-- Exercise details --
Every line from the one with "From HB Require Import structures." to the end of the entries, both included, is to be copied exactly; the other lines stay out.

** Material shown follows **

(* Suppose the family of sets $\{\tau^{(n)}_{r,s}(B(r,n)):n\ge1,\ 1\le r\le m_n,\ 1\le s\le k(r,n)\}$ is a basis for the topology of $X$. For $n\ge1$ let $\widetilde C(U_n,\mathbb Z)=\{f\in C(U_n,\mathbb Z): f \text{ is constant on } B(r,n) \text{ for each } 1\le r\le m_n\}$. Then the connecting maps $\phi_n$ map $\widetilde C(U_n,\mathbb Z)$ into $\widetilde C(U_{n+1},\mathbb Z)$, and the inclusions $\widetilde C(U_n,\mathbb Z)\subseteq C(U_n,\mathbb Z)$ induce a group isomorphism $$\varinjlim\big(\widetilde C(U_n,\mathbb Z),\phi_n|_{\widetilde C(U_n,\mathbb Z)}\big)\cong\varinjlim\big(C(U_n,\mathbb Z),\phi_n\big).$$
   Context: Let $X$ be a compact metrizable space having a basis of clopen sets. A partial homeomorphism of $X$ is a homeomorphism $\sigma:\mathrm{Dom}(\sigma)\to\mathrm{Ran}(\sigma)$ between clopen subsets of $X$. The composition $\rho\circ\sigma$ has domain $\sigma^{-1}(\mathrm{Ran}(\sigma)\cap\mathrm{Dom}(\rho))$. Data: positive integers $m_n$ ($n\ge1$), $m_0=1$; for each $n\ge1$ and $1\le r\le m_n$ a nonempty clopen set $B(r,n)\subseteq X$, such that for fixed $n$ the sets $B(1,n),\dots,B(m_n,n)$ are pairwise disjoint, a positive integer $\kappa(r,n)$, and partial homeomorphisms $\sigma^{(n)}_{r,s}$ ($1\le s\le\kappa(r,n)$) with $\mathrm{Dom}(\sigma^{(n)}_{r,s})=B(r,n)$. Put $U_n=\bigcup_{r=1}^{m_n}B(r,n)$ for $n\ge1$ and $U_0=B(1,0)=X$. Standing conditions, for every $n\ge1$: (i) $\sigma^{(n)}_{r,1}$ is the identity map of $B(r,n)$ for all $r$; (ii) for all $r,s$ there is $i\in\{1,\dots,m_{n-1}\}$ with $\sigma^{(n)}_{r,s}(B(r,n))\subseteq B(i,n-1)$; (iii) the sets $\sigma^{(n)}_{r,s}(B(r,n))$ ($1\le r\le m_n$, $1\le s\le\kappa(r,n)$) are pairwise disjoint and their union is $U_{n-1}$. For $n\ge1$ and $1\le r\le m_n$ let $\tau^{(n)}_{r,1},\dots,\tau^{(n)}_{r,k(r,n)}$ enumerate the partial homeomorphisms $\sigma^{(1)}_{r_1,s_1}\circ\cdots\circ\sigma^{(n)}_{r_n,s_n}$ over all index sequences with $r_n=r$ and $\sigma^{(j)}_{r_j,s_j}(B(r_j,j))\subseteq B(r_{j-1},j-1)$ for $2\le j\le n$ (each has domain $B(r,n)$). $C(U_n,\mathbb Z)$ is the group of continuous integer-valued functions on $U_n$, and $\phi_n:C(U_n,\mathbb Z)\to C(U_{n+1},\mathbb Z)$ is the homomorphism defined, for $x\in B(r,n+1)$, by $\phi_n(\xi)(x)=\sum_{s=1}^{\kappa(r,n+1)}\xi(\sigma^{(n+1)}_{r,s}(x))$. *)

From HB Require Import structures.
From mathcomp Require Import all_boot all_order all_algebra.
From mathcomp Require Import all_classical all_reals.
From mathcomp Require Import topology.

** End of Material shown **

-- Solution --
From HB Require Import structures.
From mathcomp Require Import all_boot all_order all_algebra.
From mathcomp Require Import all_classical all_reals.
From mathcomp Require Import topology.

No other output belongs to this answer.